§ Extracted entries:
(* The rate of change of the mass on A: the flux (V*g) g through the
   endpoints of the arcs. *)
Definition endpoint_flux (g : R -> R) :=
  sumR (fun j => conv V g (be j) * g (be j) - conv V g (al j) * g (al j)) n.

Lemma endpoint_flux_le (g : R -> R) : continuity g -> periodic1 g -> (forall x, 0 <= g x) ->
  endpoint_flux g <= M * sumR (fun j => g (al j) + g (be j)) n * arc_mass n al be g.
Proof.
  intros Hg Hgp Hg0. unfold endpoint_flux.
  rewrite (Rmult_comm M), Rmult_assoc, (Rmult_comm (sumR _ n)), sumR_mult_l.
  apply sumR_le. intros j Hj.
  destruct (conv_endpoint_bounds g j Hg Hgp Hg0 Hj).
  pose proof (Hg0 (al j)). pose proof (Hg0 (be j)). nra.
Qed.

End EndpointBounds.

(** * Gronwall's lemma *)

(* Mean value theorem with the intermediate point in the open interval, so
   that differentiability is needed only in the interior. *)
Lemma mvt_open (G dG : R -> R) a b : a < b ->
  (forall x, a < x < b -> is_derive G x (dG x)) ->
  (forall x, a <= x <= b -> continuity_pt G x) ->
  exists c, a < c < b /\ G b - G a = dG c * (b - a).
Proof.
  intros Hab HD HC.
  set (pr1 := fun c (P : a < c < b) =>
    exist _ (dG c) (proj1 (is_derive_Reals G c (dG c)) (HD c P)) : derivable_pt G c).
  destruct (MVT G id a b pr1 (fun c _ => derivable_pt_id c) Hab HC
    (fun c _ => derivable_continuous_pt id c (derivable_pt_id c))) as [c [P Hc]].
  exists c. split; auto. rewrite derive_pt_id in Hc. simpl in Hc. unfold id in Hc. lra.
Qed.

(* A nonnegative E with E(0) = 0 and E' <= K E (K continuous) on (0, oo)
   vanishes on [0, oo): E(t) exp(-C t) is nonincreasing on [0, t0] when C
   bounds K there. *)
Lemma gronwall_zero (E K dE : R -> R) :
  (forall t, continuity_pt E t) -> (forall t, continuity_pt K t) ->
  (forall t, 0 <= t -> 0 <= E t) -> E 0 = 0 ->
  (forall t, 0 < t -> is_derive E t (dE t)) -> (forall t, 0 < t -> dE t <= K t * E t) ->
  forall t, 0 <= t -> E t = 0.
Proof.
  intros HE HK Hnn HE0 HD Hle t0 Ht0.
  destruct (Rle_lt_or_eq_dec _ _ Ht0) as [Hpos|<-]; auto.
  destruct (continuity_ab_maj K 0 t0) as [Mx [HMx _]]; [lra | intros; apply HK|].
  set (C := K Mx).
  set (G := fun x => E x * exp (- C * x)).
  assert (HG : forall x, 0 < x -> is_derive G x ((dE x - C * E x) * exp (- C * x))).
  { intros x Hx. unfold G. replace ((dE x - C * E x) * exp (- C * x))
      with (dE x * exp (- C * x) + E x * (- C * exp (- C * x))) by ring.
    apply (is_derive_mult E (fun x => exp (- C * x))); [apply HD; auto | | intros; apply Rmult_comm].
    auto_derive; auto. ring. }
  destruct (mvt_open G _ 0 t0 Hpos (fun x Hx => HG x (proj1 Hx))) as [c [Hc Hmvt]].
  { intros x _. apply continuity_pt_mult; [apply HE|].
    apply derivable_continuous_pt. apply derivable_pt_comp; [apply derivable_pt_scal, derivable_pt_id | apply derivable_pt_exp]. }
  assert (HKc : K c <= C) by (apply HMx; lra).
  assert (0 <= E c) by (apply Hnn; lra).
  pose proof (Hle c (proj1 Hc)). pose proof (exp_pos (- C * c)). pose proof (exp_pos (- C * t0)).
  assert ((dE c - C * E c) * exp (- C * c) <= 0) by (apply Rmult_le_0_r; nra).
  unfold G in Hmvt. rewrite HE0, Rmult_0_l in Hmvt.
  assert (E t0 <= 0) by nra. pose proof (Hnn t0 Ht0). lra.
Qed.

(** * Time regularity of the mass of a solution *)

Lemma cont2_on_slice (P : R -> R -> Prop) F t : cont2_on P F -> (forall th, P t th) ->
  continuity (F t).
Proof.
  intros HF HP x. apply continuity_pt_intro. intros eps Heps.
  destruct (HF t x (HP x) eps Heps) as [del [Hdel H]]. exists del. split; auto.
  intros y Hy. apply H; auto. rewrite Rminus_diag, Rabs_R0. auto.
Qed.

Lemma cont2_on_2d (P : R -> R -> Prop) F t th : cont2_on P F -> P t th ->
  (exists r, 0 < r /\ forall s phi, Rabs (s - t) < r -> P s phi) -> continuity_2d_pt F t th.
Proof.
  intros HF Hp [r [Hr HPr]] eps. destruct (HF t th Hp eps (cond_pos eps)) as [del [Hdel H]].
  assert (Hm : 0 < Rmin del r) by (apply Rmin_glb_lt; auto).
  exists (mkposreal _ Hm). intros u v Hu Hv. simpl in Hu, Hv.
  pose proof (Rmin_l del r). pose proof (Rmin_r del r). apply H; [apply HPr | |]; lra.
Qed.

§ What you are asked to do:
Every line of the entries above that includes "pose" should be copied.

§ Result:
  pose proof (Hg0 (al j)). pose proof (Hg0 (be j)). nra.
  pose proof (Hle c (proj1 Hc)). pose proof (exp_pos (- C * c)). pose proof (exp_pos (- C * t0)).
  assert (E t0 <= 0) by nra. pose proof (Hnn t0 Ht0). lra.
  pose proof (Rmin_l del r). pose proof (Rmin_r del r). apply H; [apply HPr | |]; lra.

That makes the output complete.